* WORK INSTRUCTIONS: Of the records below, reproduce only the span that opens with the line containing "suff /negbTE -> : nat_of_ord" and closes with the last line.

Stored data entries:

════

Lemma tendstoV v b : b != 0 -> tendsto v b -> tendsto (fun n => (v n)^-1) b^-1.
Proof.
move=> b0 hv; have nb : 0 < normR b by rewrite lt_def normR_eq0 b0 normR_ge0.
have [N hN] : exists N, forall n, (N <= n)%N -> normR (v n - b) < normR b / 2.
  by apply: hv; lra.
have v_large n : (N <= n)%N -> normR b / 2 <= normR (v n).
  move=> /hN; have := le_normcD (v n) (b - v n).
  have -> : v n + (b - v n) = b by ring.
  by rewrite -(normcN (b - v n)) opprB; lra.
have v_neq0 n : (N <= n)%N -> v n != 0.
  by move=> /v_large; rewrite -normR_eq0; apply: contraTneq => ->; lra.
have r_bounded : ev_bounded (fun n => (v n)^-1 * b^-1).
  exists N, ((normR b / 2)^-1 * (normR b)^-1) => n /v_large hn.
  rewrite Normc.normcM !Normc.normcV ler_wpM2r ?invr_ge0 ?normR_ge0 //.
  by rewrite lef_pV2 // posrE; lra.
have hbv : tendsto (fun n => b - v n) 0.
  have := tendstoMl (-1) (proj1 (tendsto_subP v b) hv); rewrite mulr0.
  by apply: eq_tendsto => n /=; ring.
apply/tendsto_subP/(tendsto_eventually_eq _ (tendsto_bounded_mul0 r_bounded hbv)).
by exists N => n /v_neq0 vn0; field; rewrite b0 vn0.
Qed.

Lemma tendsto_ratio u v r a b : b != 0 -> tendsto u a -> tendsto v b ->
  (forall n, u n = r n * v n) -> tendsto r (a / b).
Proof.
move=> b0 hu hv urv; have nb : 0 < normR b by rewrite lt_def normR_eq0 b0 normR_ge0.
have [N hN] := hv _ nb.
apply: tendsto_eventually_eq (tendstoM hu (tendstoV b0 hv)); exists N => n /hN vn.
have vn0 : v n != 0 by apply: contraTneq vn => ->; rewrite sub0r normcN ltxx.
by rewrite urv mulfK.
Qed.

Lemma tendsto_shift u l : tendsto u l -> tendsto (fun n => u n.+1) l.
Proof. by move=> h e /h [N hN]; exists N => n hn; apply: hN; lia. Qed.

Lemma tendsto_pred u l : tendsto u l -> tendsto (fun n => u n.-1) l.
Proof. by move=> h e /h [N hN]; exists N.+1 => n hn; apply: hN; lia. Qed.

Lemma tendsto_unique u a b : tendsto u a -> tendsto u b -> a = b.
Proof.
move=> ha hb; apply/eqP; rewrite -subr_eq0 -normR_eq0 eq_le normR_ge0 andbT.
apply/ler_addgt0Pr => e e0; rewrite add0r; have e2 : 0 < e / 2 by lra.
have [N1 h1] := ha _ e2; have [N2 h2] := hb _ e2; set m := maxn N1 N2.
have := h1 m ltac:(lia); have := h2 m ltac:(lia).
have := le_normcD (a - u m) (u m - b).
by rewrite addrA subrK -(normcN (a - u m)) opprB; lra.
Qed.

Lemma tendsto_sum N (u : 'I_N -> nat -> C) (a : 'I_N -> C) :
  (forall i, tendsto (u i) (a i)) ->
  tendsto (fun n => \sum_(i < N) u i n) (\sum_(i < N) a i).
Proof.
elim: N u a => [|N IH] u a h.
  by rewrite big_ord0; apply: eq_tendsto (tendsto_cst 0) => n; rewrite big_ord0.
rewrite big_ord_recr; apply: eq_tendsto (tendstoD (IH _ _ (fun i => h _)) (h ord_max)).
by move=> n; rewrite big_ord_recr.
Qed.

Lemma tendsto_unit_neq0 u l : (forall n, normR (u n) = 1) -> tendsto u l -> l != 0.
Proof.
move=> u1 /(_ 1 ltr01) [N /(_ N (leqnn N))].
by apply: contraTneq => ->; rewrite subr0 u1 ltxx.
Qed.

End Convergence.

Section ShiftClosed.
Variable R : realType.
Local Notation C := R[i].

Definition shift_closed (P : (nat -> C) -> Prop) :=
  [/\ forall g h a b, P g -> P h -> P (fun n => a * g n + b * h n),
      forall g, P g -> P (fun n => g n.+1),
      forall g, P g -> P (fun n => g n.-1) &
      forall g h, eventually_eq g h -> P g -> P h].

Variable P : (nat -> C) -> Prop.
Hypothesis P_closed : shift_closed P.
Variables (X Y Z : nat -> C) (a b : C).
Hypothesis XYZ : forall n, X n.+1 = a * Y n + b * Z n.

Lemma shift_closed_next : P Y -> P Z -> P X.
Proof.
case: P_closed => lin _ back ev hY hZ.
apply: ev (back _ (lin _ _ a b hY hZ)); exists 1%N => n hn.
by rewrite -XYZ prednK.
Qed.

Lemma shift_closed_solver : b != 0 -> P X -> P Y -> P Z.
Proof.
case: P_closed => lin fwd _ ev b0 hX hY.
apply: ev (lin _ _ b^-1 (- (a / b)) (fwd _ hX) hY); exists 0%N => n _.
by rewrite XYZ; field.
Qed.

Lemma shift_closed_solvel : a != 0 -> P X -> P Z -> P Y.
Proof.
case: P_closed => lin fwd _ ev a0 hX hZ.
apply: ev (lin _ _ a^-1 (- (b / a)) (fwd _ hX) hZ); exists 0%N => n _.
by rewrite XYZ; field.
Qed.

End ShiftClosed.

Section WeightedSpaces.
Variable R : realType.
Local Notation C := R[i].
Variable al : nat -> C.
Hypothesis al_unit : forall n, normR (al n) = 1.

Lemma al_neq0 n : al n != 0.
Proof. by rewrite -normR_eq0 al_unit oner_eq0. Qed.

Lemma normR_al_ratio m n : normR (al m / al n) = 1.
Proof. by rewrite Normc.normcM Normc.normcV !al_unit invr1 mulr1. Qed.

Definition weighted_null g := tendsto (fun n => al n * g n) 0.

Lemma shift_closed_weighted_null : shift_closed weighted_null.
Proof.
have ratio_bounded (s : nat -> nat) : ev_bounded (fun n => al n / al (s n)).
  by exists 0%N, 1 => n _; rewrite normR_al_ratio.
split.
- move=> g h a b hg hh; have := tendstoD (tendstoMl a hg) (tendstoMl b hh).
  by rewrite !mulr0 addr0; apply: eq_tendsto => n; ring.
- move=> g /tendsto_shift/(tendsto_bounded_mul0 (ratio_bounded S)).
  by apply: eq_tendsto => n; rewrite mulrA divfK ?al_neq0.
- move=> g /tendsto_pred/(tendsto_bounded_mul0 (ratio_bounded predn)).
  by apply: eq_tendsto => n; rewrite mulrA divfK ?al_neq0.
- by move=> g h [N gh]; apply: tendsto_eventually_eq; exists N => n /gh ->.
Qed.

Variable w : C.
Hypothesis al_ratio : tendsto (fun n => al n / al n.+1) w.

Definition weighted_cvg g := exists l, tendsto (fun n => al n * g n) l.

Lemma shift_closed_weighted_cvg : shift_closed weighted_cvg.
Proof.
have w_neq0 : w != 0 := tendsto_unit_neq0 (fun n => normR_al_ratio n n.+1) al_ratio.
split.
- move=> g h a b [l1 hg] [l2 hh]; exists (a * l1 + b * l2).
  by apply: eq_tendsto (tendstoD (tendstoMl a hg) (tendstoMl b hh)) => n; ring.
- move=> g [l /tendsto_shift/(tendstoM al_ratio) hg]; exists (w * l).
  by apply: eq_tendsto hg => n; rewrite mulrA divfK ?al_neq0.
- move=> g [l /tendsto_pred hg]; exists (w^-1 * l).
  have := tendstoM (tendstoV w_neq0 (tendsto_pred al_ratio)) hg.
  apply: tendsto_eventually_eq; exists 1%N => n n1.
  by rewrite prednK // invf_div mulrA divfK ?al_neq0.
- move=> g h gh [l hg]; exists l; apply: tendsto_eventually_eq hg.
  by case: gh => N gh; exists N => n /gh ->.
Qed.

End WeightedSpaces.

Section BandMatrices.
Variable R : realType.
Local Notation C := R[i].

Lemma sum_ord_two N (F : nat -> C) a b : a != b -> (a < N)%N -> (b < N)%N ->
  (forall l, l != a -> l != b -> F l = 0) -> \sum_(l < N) F l = F a + F b.
Proof.
move=> ab aN bN F0; rewrite (bigD1 (Ordinal aN)) //= (bigD1 (Ordinal bN)) /=; last first.
  by rewrite -val_eqE /= eq_sym.
rewrite big1 ?addr0 // => l /andP[la lb]; apply: F0; [move: lb | move: la];
  by rewrite -val_eqE.
Qed.

Lemma sum_ord_one N (F : nat -> C) a : (a < N)%N ->
  (forall l, l != a -> F l = 0) -> \sum_(l < N) F l = F a.
Proof.
move=> aN F0; rewrite (bigD1 (Ordinal aN)) //= big1 ?addr0 // => l la.
by apply: F0; move: la; rewrite -val_eqE.
Qed.

Variable U : imx R.
Hypothesis U_row_band : forall j k, (j + 5 <= k)%N -> U j k = 0.
Hypothesis U_col_band : forall j k, (k + 5 <= j)%N -> U j k = 0.

Lemma mpow1 j k : mpow U 1 j k = U j k.
Proof.
rewrite /= /rf_mul; have [kj|jk] := ltnP k (j + 5).
  rewrite (@sum_ord_one _ (fun l => U j l * (l == k)%:R) k) ?eqxx ?mulr1 //.
  by move=> l /negbTE ->; rewrite mulr0.
rewrite U_row_band // big1 // => l _.
suff /negbTE -> : nat_of_ord l != k by rewrite mulr0.
by apply/eqP => lk; have := ltn_ord l; lia.
Qed.

Lemma mpowSr n j k : mpow U n.+1 j k = \sum_(m < k + 5) mpow U n j m * U m k.
Proof.
elim: n j k => [|n IH] j k.
  rewrite mpow1; have [jk|kj] := ltnP j (k + 5).
    rewrite (@sum_ord_one _ (fun m => (j == m)%:R * U m k) j) ?eqxx ?mul1r //.
    by move=> m mj; rewrite eq_sym (negbTE mj) mul0r.
  rewrite U_col_band // big1 // => m _ /=.
  suff /negbTE -> : j != nat_of_ord m by rewrite mul0r.
  by apply/eqP => jm; have := ltn_ord m; lia.
rewrite -[LHS]/(rf_mul U (mpow U n.+1) j k) /rf_mul.
under eq_bigr => l _ do rewrite IH mulr_sumr.
rewrite exchange_big /=; apply: eq_bigr => m _.
by rewrite /rf_mul mulr_suml; apply: eq_bigr => l _; rewrite mulrA.
Qed.

End BandMatrices.

Section Generation.
Variable R : realType.
Local Notation C := R[i].
Variable U : imx R.
Variables (B : Type) (bj bk : B -> nat).

Definition generated_by :=
  forall P : (nat -> C) -> Prop, shift_closed P ->
    (forall b, P (fun n => mpow U n (bj b) (bk b))) ->
    forall j k, P (fun n => mpow U n j k).

Hypothesis U_gen : generated_by.

Lemma generated_weak_cvg0 :
  weak_cvg (mpow U) (fun _ _ => 0) <->
  forall b, tendsto (fun n => mpow U n (bj b) (bk b)) 0.
Proof.
split=> [h b | h j k]; first exact/cvgCE/h.
have one_unit (n : nat) : normR ((fun=> 1 : C) n) = 1 by exact: Normc.normc1.
have base b : weighted_null (fun=> 1) (fun n => mpow U n (bj b) (bk b)).
  by apply: eq_tendsto (h b) => n; rewrite mul1r.
apply/cvgCE/(eq_tendsto _ (U_gen (shift_closed_weighted_null one_unit) base j k)).
by move=> n; rewrite mul1r.
Qed.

════

* RESPONSE BELOW:
suff /negbTE -> : nat_of_ord l != k by rewrite mulr0.
by apply/eqP => lk; have := ltn_ord l; lia.
Qed.

Lemma mpowSr n j k : mpow U n.+1 j k = \sum_(m < k + 5) mpow U n j m * U m k.
Proof.
elim: n j k => [|n IH] j k.
  rewrite mpow1; have [jk|kj] := ltnP j (k + 5).
    rewrite (@sum_ord_one _ (fun m => (j == m)%:R * U m k) j) ?eqxx ?mul1r //.
    by move=> m mj; rewrite eq_sym (negbTE mj) mul0r.
  rewrite U_col_band // big1 // => m _ /=.
  suff /negbTE -> : j != nat_of_ord m by rewrite mul0r.
  by apply/eqP => jm; have := ltn_ord m; lia.
rewrite -[LHS]/(rf_mul U (mpow U n.+1) j k) /rf_mul.
under eq_bigr => l _ do rewrite IH mulr_sumr.
rewrite exchange_big /=; apply: eq_bigr => m _.
by rewrite /rf_mul mulr_suml; apply: eq_bigr => l _; rewrite mulrA.
Qed.

End BandMatrices.

Section Generation.
Variable R : realType.
Local Notation C := R[i].
Variable U : imx R.
Variables (B : Type) (bj bk : B -> nat).

Definition generated_by :=
  forall P : (nat -> C) -> Prop, shift_closed P ->
    (forall b, P (fun n => mpow U n (bj b) (bk b))) ->
    forall j k, P (fun n => mpow U n j k).

Hypothesis U_gen : generated_by.

Lemma generated_weak_cvg0 :
  weak_cvg (mpow U) (fun _ _ => 0) <->
  forall b, tendsto (fun n => mpow U n (bj b) (bk b)) 0.
Proof.
split=> [h b | h j k]; first exact/cvgCE/h.
have one_unit (n : nat) : normR ((fun=> 1 : C) n) = 1 by exact: Normc.normc1.
have base b : weighted_null (fun=> 1) (fun n => mpow U n (bj b) (bk b)).
  by apply: eq_tendsto (h b) => n; rewrite mul1r.
apply/cvgCE/(eq_tendsto _ (U_gen (shift_closed_weighted_null one_unit) base j k)).
by move=> n; rewrite mul1r.
Qed.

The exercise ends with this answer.